Definition Bp (mu : {measure set Binf -> \bar R}) (p : R) (f : Binf -> R) :
  Prop :=
  Lp mu p f /\
  forall a : nat -> int,
    (\int[mu]_(x in (cube a : set Binf)) ((`|f x| `^ p)%:E) = 0)%E.

Definition Lpnorm (mu : {measure set Binf -> \bar R}) (p : R)
  (f : Binf -> R) : \bar R := Lnorm mu p%:E (EFin \o f).

End Defs.

From HB Require Import structures.
From mathcomp Require Import all_boot all_order all_algebra.
From mathcomp Require Import all_classical all_reals all_analysis.
From mathcomp Require Import measurable_realfun.
Import Order.TTheory GRing.Theory Num.Theory.
Import numFieldNormedType.Exports.
Local Open Scope classical_set_scope.
Local Open Scope ring_scope.

(* Each condition [\int_(C_a) |f|^p = 0] says that f vanishes a.e. on the cube
   C_a; it is preserved by linear combinations, and by L^p limits since
   |f| = |u_n - f| a.e. on C_a whenever u_n vanishes there.  So B^p is a closed
   subspace of L^p(mu), and it remains to prove that L^p(mu) is complete
   (Riesz-Fischer): a Cauchy sequence has a subsequence with
   ||u_(s (k+1)) - u_(s k)||_p < 2^-k; by Minkowski and monotone convergence
   sum_k |u_(s (k+1)) - u_(s k)| is finite a.e., so u_(s k) converges a.e. to
   some f, and Fatou's lemma bounds ||u_n - f||_p by the Cauchy modulus. *)

Section reals.
Context {R : realType}.

Lemma cvg_powR_norm (p : R) (a : R^nat) (l : R) : 0 < p ->
  a @ \oo --> l -> (fun k => `|a k| `^ p) @ \oo --> `|l| `^ p.
Proof.
move=> p_gt0 /cvg_norm al; have [l0|l_neq0] := eqVneq l 0.
  rewrite l0 normr0 powR0 ?gt_eqF //; move: al; rewrite l0 normr0 => al.
  apply/cvgrPdist_lt => e e_gt0.
  have ep_gt0 : 0 < e `^ p^-1 by rewrite powR_gt0.
  near=> k; rewrite sub0r normrN ger0_norm ?powR_ge0 //.
  have : `|a k| < e `^ p^-1.
    near: k; move/cvgrPdist_lt : al => /(_ _ ep_gt0).
    by apply: filterS => k; rewrite sub0r normrN normr_id.
  move/(gt0_ltr_powR p_gt0); rewrite -powRrM mulVf ?gt_eqF // powRr1 ?ltW //.
  by apply; rewrite nnegrE ?powR_ge0.
have l_gt0 : 0 < `|l| by rewrite normr_gt0.
have powRE z : 0 < z -> z `^ p = expR (p * ln z).
  by move=> z_gt0; rewrite /powR gt_eqF.
rewrite powRE //.
have : (fun k => expR (p * ln `|a k|)) @ \oo --> expR (p * ln `|l|).
  apply: continuous_cvg; first exact: continuous_expR.
  by apply: cvgMl_tmp; apply: continuous_cvg => //; exact: continuous_ln.
apply: cvg_trans; apply: near_eq_cvg; near=> k.
by rewrite powRE //; near: k; exact: cvgr_gt al _ l_gt0.
Unshelve. all: by end_near. Qed.

Lemma nneseq_cvge0P (x : (\bar R)^nat) : (forall n, 0 <= x n)%E ->
  x @ \oo --> 0%E <->
  forall e : R, 0 < e -> \forall n \near \oo, (x n <= e%:E)%E.
Proof.
move=> x_ge0; split => [/fine_cvgP[x_fin /cvgrPdist_le x_cvg] e e_gt0|x_le].
  near=> n; rewrite -(@fineK _ (x n)); last by near: n.
  rewrite lee_fin; apply: le_trans (ler_norm _) _; rewrite -normrN -sub0r.
  by near: n; exact: x_cvg.
have x_fin : \forall n \near \oo, x n \is a fin_num.
  apply: filterS (x_le _ ltr01) => n xn_le1.
  by rewrite ge0_fin_numE // (le_lt_trans xn_le1) ?ltry.
apply/fine_cvgP; split => //; apply/cvgrPdist_le => e e_gt0.
near=> n; rewrite sub0r normrN ger0_norm ?fine_ge0 // -lee_fin fineK //.
  by near: n; exact: x_le.
by near: n.
Unshelve. all: by end_near. Qed.

Lemma sum_half_powers_le2 (K : nat) : \sum_(k < K) (2^-1 : R) ^+ k <= 2.
Proof.
have half_gt0 : 0 < 2^-1 :> R by rewrite invr_gt0.
have half_lt1 : `|2^-1| < 1 :> R by rewrite gtr0_norm // invf_lt1 // ltr1n.
have := geometric_le_lim K ler01 half_gt0 half_lt1.
rewrite seriesEord /= mul1r [X in X - _](splitr 1) div1r addrK invrK.
by apply: le_trans; under [leRHS]eq_bigr do rewrite mul1r.
Qed.

End reals.

Section Lnorm_real_functions.
Context {d : measure_display} {T : measurableType d} {R : realType}.
Variables (mu : {measure set T -> \bar R}) (p : R).
Hypothesis p1 : 1 <= p.
Local Notation N f := (Lnorm mu p%:E (EFin \o f)).

Let p_gt0 : 0 < p. Proof. exact: lt_le_trans ltr01 p1. Qed.
Let p_neq0 : p != 0. Proof. by rewrite gt_eqF. Qed.

Lemma measurable_powR_norm (f : T -> R) : measurable_fun setT f ->
  measurable_fun setT (fun x => (`|f x| `^ p)%:E).
Proof.
move=> mf; apply/measurable_EFinP.
by apply: (measurableT_comp (measurable_powR _)); exact: measurableT_comp.
Qed.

== EXERCISE GOAL ==
Among the entries above, find every line holding "filterS" and copy it.

== TASK SOLUTION ==
    by apply: filterS => k; rewrite sub0r normrN normr_id.
  apply: filterS (x_le _ ltr01) => n xn_le1.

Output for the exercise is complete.